Every year, the flu almost goes extinct in temperate places like the United States. The key word is "almost." It stays afloat by constantly moving.
"It looks like it's hopping between different cities and different populations," says Sarah Cobey, a computational biologist at the University of Chicago.
The virus does an annual migration across the world, hitting the Southern Hemisphere during its winter, the Northern Hemisphere right about now, and hanging out in the tropics in between — especially in parts of Asia.
It's still unclear exactly why the flu ramps up when it does. What is clear is that the flu has been an annual bane of human existence for a long time.
"Probably centuries," Cobey says, estimating that before densely populated cities and long-distance travel, the virus strains likely had a tougher time bouncing between host populations.
It's also clear that the strains evolve quickly.
"The turnover rate in the flu population is really high, so all of the flu viruses that are circulating on the globe right now are actually going to be extinct in a couple years," Cobey says. But new strains will take their place.
Cobey's ultimate goal is a big one. "I'm really interested in the question of whether we can drive flu extinct in humans," she says.
Step one in Cobey's game plan is understanding how human bodies change in response to the virus. She says high-speed Darwinian evolution goes on inside everyone in response to changes in the flu population that people are exposed to. It's a complicated back-and-forth, happening at breakneck speed. About every eight hours the immune system makes new generations of cells tweaked to better attack invaders like the flu.
"Influenza is covered with these spikes, basically, on its surface," Cobey says. Those are proteins usually referred to as "H" and "N." The spikes allow the virus to attach to the host's cells and infect them, commandeering the cells to replicate. In response, the immune system produces antibodies that attach to the spikes on the surface of the virus, blocking it from entering cells. But influenza mutates so often that the spikes frequently change shape, sometimes in ways that prevent antibodies from attaching to them.
"And so this is how flu is constantly outrunning the immune system," Cobey says.
That's one of the reasons why Cobey doesn't expect we'll get rid of the flu anytime soon.
A universal vaccine that would protect people from all influenza strains is in the works, though nowhere near production.

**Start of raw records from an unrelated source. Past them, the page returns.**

Lemma curvature_complement_bound n (x : 'I_n -> S) (B : {set 'I_n}) :
  injective x ->
  f (x @: B) + (1 - lam) * (\sum_i f [set x i] - \sum_(i in B) f [set x i])
    <= f (x @: [set: 'I_n]).
Proof.
move=> x_inj; rewrite -sum_setC -(setUCr B) imsetU -lerBrDl marg_telescope.
rewrite mulr_sumr; apply: ler_sum => i iB; rewrite -imsetU; apply: f_curv.
by rewrite mem_imset // !inE negb_or -in_setC iB ltnn andbF.
Qed.
End SetFunctions.

Section Profiles.
Variables (S : finType) (n : nat) (X : 'I_n -> {set S}).
Hypothesis X_part : decision_partition X.

Lemma profile_index_eq (x o : 'I_n -> S) i j :
  profile X x -> profile X o -> o i = x j -> i = j.
Proof.
case: X_part => _ X_disj _ xP oP oxij; apply/eqP; apply: contraT => ij.
by have := disjointFr (X_disj i j ij) (oP i); rewrite oxij xP.
Qed.

Lemma profile_inj x : profile X x -> injective x.
Proof. by move=> xP i j /(profile_index_eq xP xP). Qed.

Lemma greedy_exists (R : realType) (f : {set S} -> R) (e : rel 'I_n) :
  exists x, greedy f X e x.
Proof.
case: X_part => X_neq0 _ _.
have [x0 x0P] : exists x0, profile X x0.
  by apply: (@fin_all_exists _ (fun=> S) (fun i s => s \in X i)) => i; apply/set0Pn.
pose best x (i : 'I_n) := forall y, y \in X i ->
  marg f [set y] (xM x (nbrs e i)) <= marg f [set x i] (xM x (nbrs e i)).
suff /(_ n (leqnn n)) [x [xP xbest]] : forall k, (k <= n)%N ->
    exists x, profile X x /\ forall i : 'I_n, (i < k)%N -> best x i.
  by exists x; split => // i; apply: xbest.
elim=> [_|k IH lt_kn]; first by exists x0; split => // i; rewrite ltn0.
have [x [xP xbest]] := IH (ltnW lt_kn).
pose i0 : 'I_n := Ordinal lt_kn.
case/set0Pn: (X_neq0 i0) => y0 y0X.
case: (arg_maxP (fun y => marg f [set y] (xM x (nbrs e i0))) y0X) => y yX ymax.
pose x' j := if j == i0 then y else x j.
have x'_nbrs (i : 'I_n) : (i <= k)%N -> xM x' (nbrs e i) = xM x (nbrs e i).
  move=> ik; apply: eq_in_imset => j; rewrite inE => /andP [ji _].
  by rewrite /x'; case: eqP => // ji0; move: ji; rewrite ji0 /= ltnNge ik.
exists x'; split => [j | i]; first by rewrite /x'; case: eqP => [->|].
rewrite ltnS /best => ik z zX; rewrite x'_nbrs //.
case: (eqVneq i i0) zX => [-> | ii0] zX; first by rewrite /x' eqxx; apply: ymax.
rewrite /x' (negbTE ii0); apply: xbest => //.
by rewrite ltn_neqAle ik andbT; apply: contra ii0 => /eqP ik'; apply/eqP/val_inj.
Qed.
End Profiles.

Section GreedyBound.
Variables (R : realType) (S : finType) (n : nat) (e : rel 'I_n).
Variables (lam : R) (f : {set S} -> R) (X : 'I_n -> {set S}) (x : 'I_n -> S).
Hypotheses (lam01 : 0 < lam < 1) (fF : in_F lam f).
Hypotheses (X_part : decision_partition X) (x_greedy : greedy f X e x).

(* The i-th terms of the telescopic expansions of f(x u o) - f(x) and f(o u x) - f(o). *)
Lemma greedy_exchange o i : profile X o ->
  marg f [set o i] (x @: [set: 'I_n] :|: o @: [set j : 'I_n | (j < i)%N])
  - marg f [set x i] (o @: [set: 'I_n] :|: x @: [set j : 'I_n | (j < i)%N])
  <= lam * marg f [set x i] (xM x (nbrs e i)).
Proof.
move=> oP; case: fF => _ f0 f_mono f_sub f_curv; case: x_greedy => xP xbest.
have /andP [lam0 lam1] := lam01.
set g := marg f [set x i] (xM x (nbrs e i)).
have g_ge0 : 0 <= g := f_mono _ _.
have g_le : g <= f [set x i] := marg_le_set1 f_mono f_sub f0 _ _.
case: (eqVneq (x i) (o i)) => [xo | xo].
  rewrite (@marg_mem _ _ _ (o i)); last by rewrite in_setU -xo imset_f ?inE.
  by rewrite sub0r (le_trans _ (mulr_ge0 (ltW lam0) g_ge0)) // oppr_le0.
have exchange_le :
    marg f [set o i] (x @: [set: 'I_n] :|: o @: [set j : 'I_n | (j < i)%N]) <= g.
  apply: le_trans (xbest i (o i) (oP i)); apply: marg_antitone => //.
  by rewrite subsetU // imsetS ?subsetT.
have curvature_ge : marg f [set x i]
    (o @: [set: 'I_n] :|: x @: [set j : 'I_n | (j < i)%N]) >= (1 - lam) * f [set x i].
  apply: f_curv; rewrite in_setU negb_or mem_imset ?inE ?ltnn ?andbT;
    last exact: (profile_inj X_part xP).
  apply/imsetP => -[j _ xoij]; move: xo.
  by rewrite xoij (profile_index_eq X_part xP oP (esym xoij)) eqxx.
apply: le_trans (lerB exchange_le curvature_ge) _.
have -> : lam * g = g - (1 - lam) * g by ring.
by rewrite lerB // ler_wpM2l // subr_ge0 ltW.
Qed.

Lemma fval_le_greedy o : profile X o ->
  fval f o <= fval f x + lam * \sum_i marg f [set x i] (xM x (nbrs e i)).
Proof.
move=> oP.
have exch := ler_sum (index_enum 'I_n) (fun i (_ : true) => greedy_exchange i oP).
rewrite sumrB -mulr_sumr -!marg_telescopeT setUC in exch.
by rewrite /fval /xM; lra.
Qed.

Lemma greedy_clique_cover_bound o (P : {set {set 'I_n}}) :
  profile X o -> clique_cover e P -> (0 < #|P|)%N ->
  (#|P|%:R - (#|P|%:R - 1) * lam) * fval f o <= (#|P|%:R + lam) * fval f x.
Proof.
move=> oP coverP P_gt0; have /andP [partP _] := coverP.
case: fF => _ f0 f_mono f_sub f_curv; have /andP [lam0 lam1] := lam01.
have t_ge1 : 1 <= #|P|%:R :> R by rewrite ler1n.
have exch := fval_le_greedy oP.
have nbrs_le := sum_marg_nbrs_le_clique_cover f_mono f_sub f0 x coverP.
have blocks_le_singles : \sum_(B in P) f (x @: B) <= \sum_i f [set x i].
  rewrite (sum_partition _ partP); apply: ler_sum => B _.
  exact: subadditive_imset.
have := ler_sum (index_enum _) (fun B (_ : B \in P) =>
  curvature_complement_bound f_curv B (profile_inj X_part x_greedy.1)).
rewrite big_split /= -mulr_sumr sumrB -(sum_partition _ partP) !sumr_const.
rewrite -[(\sum_i _) *+ _]mulr_natr -[f _ *+ _]mulr_natr => blocks_le.
move: exch nbrs_le blocks_le_singles blocks_le; rewrite /fval /xM.
move: (\sum_i marg _ _ _) (\sum_(B in P) _) (\sum_i f _) => G Sa F.
move: (f (x @: _)) (f (o @: _)) t_ge1 => fx fo; move: (#|P|%:R) => t t_ge1.
move=> exch G_le Sa_le blocks_le.
(* With c := t - (t - 1) lam: c Sa <= Sa + (1 - lam) (t - 1) F <= t fx, hence
   c fo <= c fx + lam c G <= c fx + lam c Sa <= (t + lam) fx. *)
have c_ge0 : 0 <= t - (t - 1) * lam by nra.
have Sa_bound : (t - (t - 1) * lam) * Sa <= t * fx.
  have : 0 <= (1 - lam) * (t - 1) * (F - Sa) by rewrite !mulr_ge0 ?subr_ge0 // ltW.
  nra.
have := ler_wpM2l c_ge0 exch; have := ler_wpM2l (ltW lam0) Sa_bound.
have := ler_wpM2l (mulr_ge0 (ltW lam0) c_ge0) G_le.
nra.
Qed.
End GreedyBound.

Lemma inf_le_ge0 (R : realType) (E : set R) r :
  (forall s, E s -> 0 <= s) -> E r -> inf E <= r.
Proof. by move=> E_ge0; apply: ge_inf; exists 0 => s /E_ge0. Qed.

Section Gamma.
Variables (R : realType) (S : finType) (n : nat) (e : rel 'I_n).
Variables (f : {set S} -> R) (X : 'I_n -> {set S}).
Hypotheses (f_ge0 : nonneg_sf f) (X_part : decision_partition X).
Hypothesis opt_gt0 : 0 < fopt f X.

Lemma fopt_le (M : R) :
  0 <= M -> (forall o, profile X o -> fval f o <= M) -> fopt f X <= M.
Proof. by move=> M_ge0 oM; apply: bigmax_le => // o /forallP /oM. Qed.

Lemma fval_div_fopt_ge0 (x : 'I_n -> S) : 0 <= fval f x / fopt f X.
Proof. exact: divr_ge0 (f_ge0 _) (ltW opt_gt0). Qed.

Lemma gamma_ge0 : 0 <= gamma f X e.
Proof.
apply: lb_le_inf => [|_ [x [_ ->]]]; last exact: fval_div_fopt_ge0.
by have [x xG] := greedy_exists X_part f e; exists (fval f x / fopt f X), x.
Qed.

Lemma gamma_le_greedy x : greedy f X e x -> gamma f X e <= fval f x / fopt f X.
Proof.
move=> xG; apply: inf_le_ge0 => [_ [y [_ ->]]|]; first exact: fval_div_fopt_ge0.
by exists x.
Qed.

Lemma gamma_ge_clique_cover lam (P : {set {set 'I_n}}) :
  0 < lam < 1 -> in_F lam f -> clique_cover e P -> (0 < #|P|)%N ->
  (#|P|%:R - (#|P|%:R - 1) * lam) / (#|P|%:R + lam) <= gamma f X e.
Proof.
move=> lam01 fF coverP P_gt0; have /andP [lam0 lam1] := lam01.
have t_ge1 : 1 <= #|P|%:R :> R by rewrite ler1n.
apply: lb_le_inf => [|_ [x [xG ->]]].
  by have [x xG] := greedy_exists X_part f e; exists (fval f x / fopt f X), x.
have c_gt0 : 0 < #|P|%:R - (#|P|%:R - 1) * lam :> R by nra.
have d_gt0 : 0 < #|P|%:R + lam :> R by lra.
have opt_le :
    fopt f X <= (#|P|%:R + lam) / (#|P|%:R - (#|P|%:R - 1) * lam) * fval f x.
  apply: fopt_le => [|o oP]; first by rewrite mulr_ge0 ?divr_ge0 ?f_ge0 ?ltW.
  rewrite mulrAC ler_pdivlMr // mulrC.
  exact: greedy_clique_cover_bound lam01 fF X_part xG o P oP coverP P_gt0.
rewrite ler_pdivlMr // mulrAC ler_pdivrMr //.
apply: le_trans (ler_wpM2l (ltW c_gt0) opt_le) _.
by rewrite mulrA mulrCA mulfV ?gt_eqF // mulr1 mulrC.
Qed.
End Gamma.

Lemma gamma_lambda_le_gamma (R : realType) (lam : R) n (e : rel 'I_n) (S : finType)
    (f : {set S} -> R) (X : 'I_n -> {set S}) :
  in_F lam f -> decision_partition X -> 0 < fopt f X ->
  gamma_lambda lam e <= gamma f X e.
Proof.
move=> fF X_part opt_gt0; apply: inf_le_ge0; last by exists S, f, X.
by move=> _ [S' [f' [X' [[f'_ge0 _ _ _ _] X'_part opt'_gt0 ->]]]]; exact: gamma_ge0.
Qed.

Section Trap.
Variables (R : realType) (n : nat) (lam : R) (I : {set 'I_n}).

Definition layer (b : bool) : {set 'I_n * bool} := [set (i, b) | i in I].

"I'd say that we're not going to be getting rid of [the flu] anytime soon," Cobey says. But in the meantime, our immune systems are doing a pretty good job of keeping up. And, of course, vaccination gives the body a better chance at fighting off the seasonal scourge.
Whether it's a shot in the arm or a spray up the nostril, the vaccine gives the immune system a preview of what strains to expect.
Derek Smith at the University of Cambridge is one of the people who figures out what goes in the vaccine each year. He's an evolutionary biologist, virologist, and a mapmaker. Smith's lab studies how the strains of flu virus evolve — specifically, how the outer coat of proteins change.
Researchers like Smith look at about 20,000 strains of flu from throat swabs of sick people in about 100 countries across the globe. Then they map how far the viruses floating around in this year's coughs and sneezes have strayed from last year's versions. They put all that information into tables.
"These tables are a little bit like the mileage chart that says how many miles it is between different cities," Smith says. They show how the pattern of proteins coating each virus cell has changed from year to year.
Twice a year virus experts get together, usually in Geneva. In February, they decide what will go in the vaccine for the Southern Hemisphere. In September, they decide what will go in the vaccine for the Northern Hemisphere. To do so, they whip out tables and maps like the ones Smith makes. If a virus has evolved so that human antibodies won't recognize it as well, "that's the moment when the strain of flu that's in the vaccine needs to be updated," says Smith.
The committee then comes out with a list of the four strains most likely to make people sick, and vaccine manufacturers get moving. In the U.S., they make about 200 million doses in a matter of months.
"And it's rarely the case that more than one of those strains will change," Smith says.
Here's the snag: sometimes they do, if there's a mismatch for one of the strains like there was last year. But a person will typically still be protected from the other strains in the shot, which means the best first line of defense against flu is still the seasonal vaccine.
This year's vaccine is intended to protect against strains similar to the H1N1 strain behind the 2009 swine flu pandemic, viruses like an H3N2 strain first identified in Switzerland in 2013, and two other strains that have been circulating in humans for much longer.